# Considering divorce what actions should I take ?



## Lolati11 (Nov 29, 2017)

Hello ,
I am waiting until after the holidays to talk separation and divorce . We have everything that is financial together , we both make 6 figure salaries and he took care of financials ever sense we got married . My question is where do I start ? I want to be ready in case it goes south .


----------



## Mr.Married (Feb 21, 2018)

First thing is to tell the lawyer exactly what you just told us. Professional advice is worth what you pay. The advice on this forum is free and also worth what you pay 🤣

This forum is best used as a tool to get ideas to bring to your lawyer for legal stuff and ways to interact with you soon to be ex to best your position and resolve.


----------



## Mystic Moon (6 mo ago)

Lolati11 said:


> Hello ,
> I am waiting until after the holidays to talk separation and divorce . We have everything that is financial together , we both make 6 figure salaries and he took care of financials ever sense we got married . My question is where do I start ? I want to be ready in case it goes south .


Start by scheduling free consultations with a few divorce attorneys. Take a good friend with you for moral support, if you feel the need to. Have c a notebook with questions you want to ask with you, and ask your questions. You can do online research to figure out what questions to ask in your situation. Take notes so you will be able to refer back to them when choosing who will represent you. When you find axlawyer that you trust to represent you fairly in the divorce, hire them.

Keep your notes private, especially until you see how yout STBX, is doing to respond kind. Treat your divorce like a business deal, and try to leave the emotions out of it.
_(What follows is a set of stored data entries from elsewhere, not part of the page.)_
Lemma conv_window_mono (x y : laurent) (n M1 M2 N1 N2 : int) :
  (forall i : int, M1 < i -> coef x i = 0) -> (forall i : int, M2 < i -> coef y i = 0) ->
  M1 <= N1 -> M2 <= N2 ->
  window_sum (conv_term x y n) (n - N2) (absz (Num.max 0 (N1 - (n - N2) + 1))) =
  window_sum (conv_term x y n) (n - M2) (absz (Num.max 0 (M1 - (n - M2) + 1))).
Proof.
move=> x_above y_above le1 le2.
have [empty|nonempty] := lerP (M1 - (n - M2) + 1) 0.
  rewrite [RHS]window_sum_eq0; last by move=> k hk; lia.
  apply: window_sum_eq0 => k _; rewrite /conv_term.
  have [hi|hi] := lerP (n - N2 + k%:Z) M1; first by rewrite y_above ?mulr0 //; lia.
  by rewrite x_above ?mul0r.
apply: window_sum_widen; rewrite /conv_term; [| |lia|lia].
- by move=> i hi; rewrite y_above ?mulr0 //; lia.
- by move=> i hi; rewrite x_above ?mul0r //; lia.
Qed.

(* Frees [mul_coef] from the epsilon-chosen bounds [bnd_of]. *)
Lemma mul_coef_window (x y : laurent) (n Mx My : int) :
  (forall i : int, Mx < i -> coef x i = 0) -> (forall i : int, My < i -> coef y i = 0) ->
  mul_coef x y n =
  window_sum (conv_term x y n) (n - My) (absz (Num.max 0 (Mx - (n - My) + 1))).
Proof.
move=> x_above y_above.
pose Nx := Num.max Mx (bnd_of (coef x)); pose Ny := Num.max My (bnd_of (coef y)).
have -> : mul_coef x y n = window_sum (conv_term x y n) (n - bnd_of (coef y))
    (absz (Num.max 0 (bnd_of (coef x) - (n - bnd_of (coef y)) + 1))) by [].
rewrite -(@conv_window_mono x y n _ _ Nx Ny); [|exact: bnd_ofP|exact: bnd_ofP|lia|lia].
by rewrite (@conv_window_mono x y n Mx My Nx Ny) //; lia.
Qed.

Lemma mul_coef_above (x y : laurent) (d e n : int) :
  (forall i : int, d < i -> coef x i = 0) -> (forall i : int, e < i -> coef y i = 0) ->
  d + e < n -> mul_coef x y n = 0.
Proof.
move=> x_above y_above lt_n; rewrite (mul_coef_window n x_above y_above).
by apply: window_sum_eq0 => k hk; exfalso; lia.
Qed.

Lemma mul_coef_lead (x y : laurent) (d e : int) :
  (forall i : int, d < i -> coef x i = 0) -> (forall i : int, e < i -> coef y i = 0) ->
  mul_coef x y (d + e) = coef x d * coef y e.
Proof.
move=> x_above y_above; rewrite (mul_coef_window _ x_above y_above) /window_sum.
rewrite (_ : absz _ = 1%N); last by lia.
by rewrite big_ord1 /conv_term; congr (coef _ _ * coef _ _) => /=; lia.
Qed.

Lemma mul0L (y : laurent) : Lmul Lzero y = Lzero.
Proof.
apply: laurent_ext => n /=; rewrite (mul_coef_window n (@bnd_ofP Lzero) (@bnd_ofP y)).
by apply: window_sum_eq0 => k _; rewrite /conv_term /= mul0r.
Qed.

Lemma mulL0 (x : laurent) : Lmul x Lzero = Lzero.
Proof.
apply: laurent_ext => n /=; rewrite (mul_coef_window n (@bnd_ofP x) (@bnd_ofP Lzero)).
by apply: window_sum_eq0 => k _; rewrite /conv_term /= mulr0.
Qed.

Lemma mul_coefDl (x y z : laurent) (n : int) :
  mul_coef (Ladd x y) z n = mul_coef x z n + mul_coef y z n.
Proof.
pose M := Num.max (bnd_of (coef x)) (bnd_of (coef y)).
have x_above (i : int) : M < i -> coef x i = 0.
  by rewrite gt_max => /andP[+ _]; exact: bnd_ofP.
have y_above (i : int) : M < i -> coef y i = 0.
  by rewrite gt_max => /andP[_ +]; exact: bnd_ofP.
have xy_above (i : int) : M < i -> coef (Ladd x y) i = 0.
  by move=> hi /=; rewrite x_above ?y_above ?addr0.
rewrite (mul_coef_window n xy_above (@bnd_ofP z)) (mul_coef_window n x_above (@bnd_ofP z)).
rewrite (mul_coef_window n y_above (@bnd_ofP z)) /window_sum -big_split.
by apply: eq_bigr => k _; rewrite /conv_term /= mulrDl.
Qed.

Lemma mul_coefNl (x y : laurent) (n : int) : mul_coef (Lopp x) y n = - mul_coef x y n.
Proof.
have xN_above (i : int) : bnd_of (coef x) < i -> coef (Lopp x) i = 0.
  by move=> hi /=; rewrite bnd_ofP ?oppr0.
rewrite (mul_coef_window n xN_above (@bnd_ofP y)).
rewrite (mul_coef_window n (@bnd_ofP x) (@bnd_ofP y)) /window_sum -sumrN.
by apply: eq_bigr => k _; rewrite /conv_term /= mulNr.
Qed.

Lemma mul_coefC (x y : laurent) (n : int) : mul_coef x y n = mul_coef y x n.
Proof.
rewrite (mul_coef_window n (@bnd_ofP x) (@bnd_ofP y)).
rewrite (mul_coef_window n (@bnd_ofP y) (@bnd_ofP x)) /window_sum.
set L1 := absz _; set L2 := absz _.
have -> : L2 = L1 by rewrite /L1 /L2; lia.
rewrite (reindex_inj rev_ord_inj) /=; apply: eq_bigr => -[k hk] _ /=.
by rewrite /conv_term mulrC; congr (coef _ _ * coef _ _); rewrite /L1 in hk *; lia.
Qed.

Lemma mul_coefDr (x y z : laurent) (n : int) :
  mul_coef z (Ladd x y) n = mul_coef z x n + mul_coef z y n.
Proof. by rewrite mul_coefC mul_coefDl !(mul_coefC z). Qed.

Lemma mul_coefNr (x y : laurent) (n : int) : mul_coef y (Lopp x) n = - mul_coef y x n.
Proof. by rewrite mul_coefC mul_coefNl mul_coefC. Qed.

Definition has_deg (x : laurent) (d : int) : Prop :=
  coef x d != 0 /\ forall i : int, d < i -> coef x i = 0.

Definition deg_spec (x : laurent) (o : option int) : Prop :=
  if o is Some d then has_deg x d else x = Lzero.

Lemma has_deg_exists (x : laurent) : x <> Lzero -> exists d, has_deg x d.
Proof.
move=> x_neq0.
have [i0 xi0_neq0] : exists i0, coef x i0 != 0.
  apply: NNPP => no_i0; apply: x_neq0; apply: laurent_ext => i /=.
  by apply/eqP; apply: contraT => xi_neq0; case: no_i0; exists i.
set B := bnd_of (coef x).
have le_i0B : i0 <= B.
  by rewrite leNgt; apply: contraNN xi0_neq0 => /bnd_ofP ->.
pose P k := coef x (B - k%:Z) != 0.
have exP : exists k, P k.
  by exists (absz (B - i0)); rewrite /P (_ : B - _ = i0) //; lia.
case: (ex_minnP exP) => k Pk k_min.
exists (B - k%:Z); split => // i lt_i.
have [lt_Bi|le_iB] := ltrP B i; first exact: bnd_ofP.
apply/eqP; apply: contraT => xi_neq0.
have : P (absz (B - i)) by rewrite /P (_ : B - _ = i) //; lia.
by move/k_min; lia.
Qed.

Lemma deg_specP (x : laurent) : deg_spec x (deg x).
Proof.
apply: (epsilon_spec (inhabits None) (deg_spec x)).
have [->|x_neq0] := classic (x = Lzero); first by exists None.
by have [d x_d] := has_deg_exists x_neq0; exists (Some d).
Qed.

Lemma deg_has_deg (x : laurent) (d : int) : deg x = Some d -> has_deg x d.
Proof. by move=> dx; have := deg_specP x; rewrite dx. Qed.

Lemma has_degE (x : laurent) (d : int) : has_deg x d -> deg x = Some d.
Proof.
move=> [xd_neq0 x_above]; have := deg_specP x; case: (deg x) => [d'|] /=.
  move=> [xd'_neq0 x_above']; congr Some.
  have [lt|lt|//] := ltgtP d d'.
    by move: xd'_neq0; rewrite x_above.
  by move: xd_neq0; rewrite x_above'.
by move=> x0; move: xd_neq0; rewrite x0 eqxx.
Qed.

Lemma deg0 : deg Lzero = None.
Proof.
by have := deg_specP Lzero; case: (deg Lzero) => [d [+ _]|//]; rewrite eqxx.
Qed.

Lemma deg_neq0 (x : laurent) : x <> Lzero -> exists d, deg x = Some d.
Proof.
move=> x_neq0; have := deg_specP x; by case: (deg x) => [d _|//]; exists d.
Qed.

Lemma neq0_deg (x : laurent) (d : int) : deg x = Some d -> x <> Lzero.
Proof. by move=> dx x0; move: dx; rewrite x0 deg0. Qed.

Lemma deg_one : deg Lone = Some 0.
Proof. by apply: has_degE; split => [|i hi] /=; rewrite ?oner_neq0 // gt_eqF. Qed.

Lemma deg_two : deg Ltwo = Some 0.
Proof. by apply: has_degE; split => [|i hi] /=; rewrite ?eqxx // gt_eqF // addr0. Qed.

Lemma deg_four : deg Lfour = Some 0.
Proof. by apply: has_degE; split => [|i hi] /=; rewrite ?eqxx // gt_eqF // !addr0. Qed.

Lemma deg_mul (x y : laurent) (d e : int) :
  deg x = Some d -> deg y = Some e -> deg (Lmul x y) = Some (d + e).
Proof.
move=> /deg_has_deg[xd_neq0 x_above] /deg_has_deg[ye_neq0 y_above].
apply: has_degE; split => /=; first by rewrite (mul_coef_lead x_above y_above) mulf_neq0.
by move=> i; apply: (mul_coef_above x_above y_above).
Qed.

Lemma deg_mul_cofactor (x y : laurent) (d e : int) :
  deg x = Some d -> deg (Lmul x y) = Some e -> deg y = Some (e - d).
Proof.
move=> dx dxy; have y_neq0 : y <> Lzero by move=> y0; move: dxy; rewrite y0 mulL0 deg0.
have [e' dy] := deg_neq0 y_neq0.
by move: dxy; rewrite (deg_mul dx dy) dy => -[<-]; congr Some; lia.
Qed.

Section Inverse.
Variables (x : laurent) (d : int).
Hypotheses (xd_neq0 : coef x d != 0) (x_above : forall i : int, d < i -> coef x i = 0).

(* The coefficient [inv_coef k] of T^(-d-k) in 1/x is forced by the coefficient of
   T^(-k) in x * (1/x): [\sum_(j <= k) coef x (d - j) * inv_coef (k - j) = (k == 0)]. *)
Definition inv_step (s : seq rat) : rat :=
  (coef x d)^-1 * ((size s == 0%N)%:R -
     \sum_(j < size s) coef x (d - (j.+1)%:Z) * s`_(size s - j.+1)).

Fixpoint inv_prefix (k : nat) : seq rat :=
  if k is k'.+1 then rcons (inv_prefix k') (inv_step (inv_prefix k')) else [::].

Lemma size_inv_prefix (k : nat) : size (inv_prefix k) = k.
Proof. by elim: k => //= k IHk; rewrite size_rcons IHk. Qed.

Definition inv_coef (k : nat) : rat := (inv_prefix k.+1)`_k.

Lemma nth_inv_prefix (k i : nat) : (i < k)%N -> (inv_prefix k)`_i = inv_coef i.
Proof.
elim: k => // k IHk lt_ik /=; rewrite nth_rcons size_inv_prefix.
case: ltnP => le_ki; first exact: IHk.
have -> : i = k by lia.
by rewrite eqxx /inv_coef /= nth_rcons size_inv_prefix ltnn eqxx.
Qed.

Lemma inv_coefE (k : nat) : inv_coef k = (coef x d)^-1 * ((k == 0%N)%:R -
  \sum_(j < k) coef x (d - (j.+1)%:Z) * inv_coef (k - j.+1)).
Proof.
rewrite {1}/inv_coef /= nth_rcons size_inv_prefix ltnn eqxx /inv_step size_inv_prefix.
by congr (_ * (_ - _)); apply: eq_bigr => -[j lt_jk] _ /=; rewrite nth_inv_prefix //; lia.
Qed.

Definition inv_series_coef (j : int) : rat :=
  if j <= - d then inv_coef (absz (- d - j)) else 0.

Lemma inv_series_bnd : exists N : int, forall i : int, N < i -> inv_series_coef i = 0.
Proof. by exists (- d) => i lt_i; rewrite /inv_series_coef leNgt lt_i. Qed.

Definition inv_series : laurent := Laurent inv_series_bnd.

Lemma inv_seriesE (k : nat) : coef inv_series (- d - k%:Z) = inv_coef k.
Proof.
rewrite /= /inv_series_coef ifT; last by lia.
by rewrite (_ : - d - (- d - k%:Z) = k%:Z) //; lia.
Qed.

Lemma mul_inv_series : Lmul x inv_series = Lone.
Proof.
have inv_above (i : int) : - d < i -> coef inv_series i = 0.
  by move=> lt_i /=; rewrite /inv_series_coef leNgt lt_i.
apply: laurent_ext => n /=; rewrite (mul_coef_window n x_above inv_above).
have [n_gt0|n_le0] := ltrP 0 n.
  by rewrite gt_eqF //; apply: window_sum_eq0 => k hk; exfalso; lia.
have [m ->] : exists m : nat, n = - m%:Z by exists (absz n); lia.
rewrite /window_sum (_ : absz _ = m.+1); last by lia.
rewrite big_ord_recr (reindex_inj rev_ord_inj) /= [X in _ + X]/conv_term.
rewrite (_ : - m%:Z - - d + m%:Z = d); last by lia.
rewrite (_ : - m%:Z - d = - d - m%:Z); last by lia.
rewrite inv_seriesE (eq_bigr (fun j : 'I_m => coef x (d - (j.+1)%:Z) * inv_coef (m - j.+1))).
  by rewrite [inv_coef m]inv_coefE mulrA mulfV // mul1r addrC subrK; case: m.
move=> [j lt_jm] _; rewrite /conv_term -inv_seriesE.
by congr (coef _ _ * coef _ _) => /=; lia.
Qed.
Lemma sum_tuple_cons (T : finType) (n : nat) (F : seq T -> R) :
  \sum_(cs : n.+1.-tuple T) F cs = \sum_(c : T) \sum_(cs : n.-tuple T) F (c :: cs).
Proof.
rewrite pair_bigA /= (reindex (fun cs : T * n.-tuple T => [tuple of cs.1 :: cs.2])) /=.
  by apply: eq_bigr => -[].
exists (fun cs : n.+1.-tuple T => (thead cs, [tuple of behead cs])).
  by move=> [c cs] _; congr pair; apply: val_inj.
by move=> [[|c cs] //= size_cs] _; apply: val_inj.
Qed.

Lemma big_bool_split (F : bool -> R) (k : bool) : \sum_b F b = F k + F (~~ k).
Proof. by rewrite big_bool; case: k => //=; rewrite addrC. Qed.

Section Trajectories.

Variables (N : nat) (p : 'I_N -> 'I_N -> bool -> R).
Hypothesis p_ge0 : forall (i j : 'I_N) k, i != j -> 0 <= p i j k.

Lemma step_prob_ge0 (x : raw_arrow N) c : 0 <= step_prob p x c.
Proof. by rewrite /step_prob; case: ifP => // c_neq; rewrite p_ge0 // eq_sym. Qed.

Lemma path_prob_ge0 (x : raw_arrow N) cs : 0 <= path_prob p x cs.
Proof. by elim: cs x => [|c cs IH] x //=; rewrite mulr_ge0 ?step_prob_ge0. Qed.

Lemma first_hit_endpoint (x y : raw_arrow N) cs :
  first_hit_at_end x y cs -> endpoint x cs = y.
Proof. by elim: cs x => [x /eqP | c cs IH x /andP [_ /IH]]. Qed.

Lemma prob_tau_ge0 x y n : 0 <= prob_tau p x y n.
Proof. by apply: sumr_ge0 => cs _; rewrite mulr_ge0 ?path_prob_ge0 ?ler0n. Qed.

Lemma prob_tau_le_prob_W x y n : prob_tau p x y n <= prob_W p x y n.
Proof.
apply: ler_sum => cs _; case hit: (first_hit_at_end x y cs).
  by rewrite (first_hit_endpoint hit) eqxx.
by rewrite mulr0 mulr_ge0 ?path_prob_ge0 ?ler0n.
Qed.

End Trajectories.

Section WordWeight.

Variables (N : nat) (p phi : 'I_N -> 'I_N -> bool -> R) (rho : R).
Hypothesis p_ge0 : forall (i j : 'I_N) k, i != j -> 0 <= p i j k.
Hypothesis phi_gt0 : forall r t k, 0 < phi r t k.
Hypothesis phi_diag : forall r k, phi r r k = 1.
Hypothesis rho_ge0 : 0 <= rho.
Hypothesis phi_contracts : forall (r i : 'I_N) k,
  \sum_(j | j != i) p i j k * phi r j k
  + phi r i k * \sum_(j | j != i) p i j (~~ k) * phi i j (~~ k) <= rho * phi r i k.

Fixpoint weight_from (prev : 'I_N) (w : seq ('I_N * bool)) :=
  if w is (t, k) :: w' then phi prev t k * weight_from t w' else 1.

Definition weight (x : raw_arrow N) : R := weight_from x.1 x.2.

Lemma weight_from_gt0 prev w : 0 < weight_from prev w.
Proof. by elim: w prev => [|[t k] w IH] prev //=; rewrite mulr_gt0. Qed.

Lemma weight_from_rcons prev w t k :
  weight_from prev (rcons w (t, k)) = weight_from prev w * phi (last prev (map fst w)) t k.
Proof.
elim: w prev => [|[t' k'] w IH] prev /=; first by rewrite mulr1 mul1r.
by rewrite IH mulrA.
Qed.

(* The empty word [(i0, [::])] is handled as if its last letter were the unit
   e_{i0}, of sign [true], whose weight is [phi i0 i0 true = 1]. *)
Lemma weight_step (x : raw_arrow N) : exists r k F, [/\ 0 < F,
  weight x = F * phi r (target x) k,
  forall j, weight (step x (j, k)) = F * phi r j k &
  forall j, weight (step x (j, ~~ k)) = weight x * phi (target x) j (~~ k)].
Proof.
case: x => i0 w; case/lastP: w => [|w [i k]].
  by exists i0, true, 1; split=> [||j|j]; rewrite /weight /= ?phi_diag ?mulr1 ?mul1r.
exists (last i0 (map fst w)), k, (weight_from i0 w).
rewrite /weight /target /step /mulgen /= rev_rcons revK map_rcons last_rcons.
split=> [||j|j]; rewrite ?weight_from_rcons ?weight_from_gt0 ?eqxx //=.
  by case: eqP => [<- | _]; rewrite ?phi_diag ?mulr1 // weight_from_rcons.
by case: (k) => /=; rewrite !weight_from_rcons map_rcons last_rcons.
Qed.

Lemma mean_step_weight (x : raw_arrow N) :
  \sum_c step_prob p x c * weight (step x c) <= rho * weight x.
Proof.
have [r [k [F [F_gt0 wx step_k step_nk]]]] := weight_step x.
set i := target x in wx step_nk *.
have -> : \sum_c step_prob p x c * weight (step x c)
    = F * (\sum_(j | j != i) p i j k * phi r j k)
      + weight x * \sum_(j | j != i) p i j (~~ k) * phi i j (~~ k).
  rewrite -(pair_bigA _ (fun j b => step_prob p x (j, b) * weight (step x (j, b)))).
  rewrite !mulr_sumr -big_split [RHS]big_mkcond /=.
  apply: eq_bigr => j _; rewrite (big_bool_split _ k) /step_prob /= -/i.
  by case: ifP => _; rewrite ?step_k ?step_nk ?mul0r ?addr0 //; congr (_ + _); ring.
rewrite wx -mulrA -mulrDr mulrCA; apply: ler_wpM2l; first exact: ltW.
exact: phi_contracts.
Qed.

Definition mean_weight (n : nat) (x : raw_arrow N) : R :=
  \sum_(cs : n.-tuple ('I_N * bool)) path_prob p x cs * weight (endpoint x cs).

Lemma mean_weight_le n x : mean_weight n x <= rho ^+ n * weight x.
Proof.
elim: n x => [|n IH] x.
  rewrite /mean_weight (eq_bigr (fun=> weight x)) => [|cs _]; last by rewrite tuple0 /= mul1r.
  by rewrite sumr_const card_tuple expn0 expr0 mul1r.
have -> : mean_weight n.+1 x = \sum_c step_prob p x c * mean_weight n (step x c).
  rewrite /mean_weight (sum_tuple_cons n (fun cs => path_prob p x cs * weight (endpoint x cs))).
  apply: eq_bigr => c _.
  by rewrite mulr_sumr; apply: eq_bigr => cs _; rewrite mulrA.
apply: le_trans (_ : \sum_c step_prob p x c * (rho ^+ n * weight (step x c)) <= _).
  by apply: ler_sum => c _; apply: ler_wpM2l; [exact: step_prob_ge0 | exact: IH].
under eq_bigr do rewrite mulrCA.
rewrite -mulr_sumr exprSr -mulrA; apply: ler_wpM2l; first exact: exprn_ge0.
exact: mean_step_weight.
Qed.

Lemma prob_W_le_weight n x y : prob_W p x y n <= rho ^+ n * weight x / weight y.
Proof.
have weight_y_gt0 : 0 < weight y by apply: weight_from_gt0.
rewrite ler_pdivlMr //; apply: le_trans (mean_weight_le n x).
rewrite /prob_W mulr_suml; apply: ler_sum => cs _.
have [-> | _] := eqVneq (endpoint x cs) y; first by rewrite mulr1.
by rewrite mulr0 mul0r mulr_ge0 ?path_prob_ge0 //; apply/ltW/weight_from_gt0.
Qed.

End WordWeight.

Section Perturbation.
Sorry you're going through a divorce. It's a hard place to be.


----------



## D0nnivain (Mar 13, 2021)

Start with lists.

Pros & Cons -- staying together v getting divorced It's the old Ann Landers question : are you better off with him or without him?

Think about what changes you would need to stay. Consider MC. Perhaps line up a few potential therapists.

Take stock of all your assets. Write everything down & think about what would be an equitable split.

Think about where you want to live. Begin looking at housing options in your area & make a budget so you will know what you need to live. 

Start speaking to attorneys about the costs & the time lines.

When you understand your own desires, pick a time to speak to your STBX


----------



## gameopoly5 (5 mo ago)

Lolati11 said:


> Hello ,
> I am waiting until after the holidays to talk separation and divorce . We have everything that is financial together , we both make 6 figure salaries and he took care of financials ever sense we got married . My question is where do I start ? I want to be ready in case it goes south .


Not possible to give you advice without filling us in with the whole story.
Why are you considering getting a divorce?
Does your husband know you want to separate and divorce or will you drop the bomb on him after the holidays?
How long have you been married and your ages?
The reason I am asking and why this is important because the circumstances that lead to a divorce can result in a divorce court leaning more favorably for one partner or the other.
For example if cheating is involved or lack of sex, drink, drug or gambling addictions or domestic mental or physical abuse, are their young children in the marriage and so on?


----------



## Jimi007 (6 mo ago)

Why do you want to divorce. Like GamePoly asked ?


----------



## Cynthia (Jan 31, 2014)

If he has been handling the finances, you need to get copies of all paperwork and access to all accounts. Now is the time to go through everything to make sure both of you have full access.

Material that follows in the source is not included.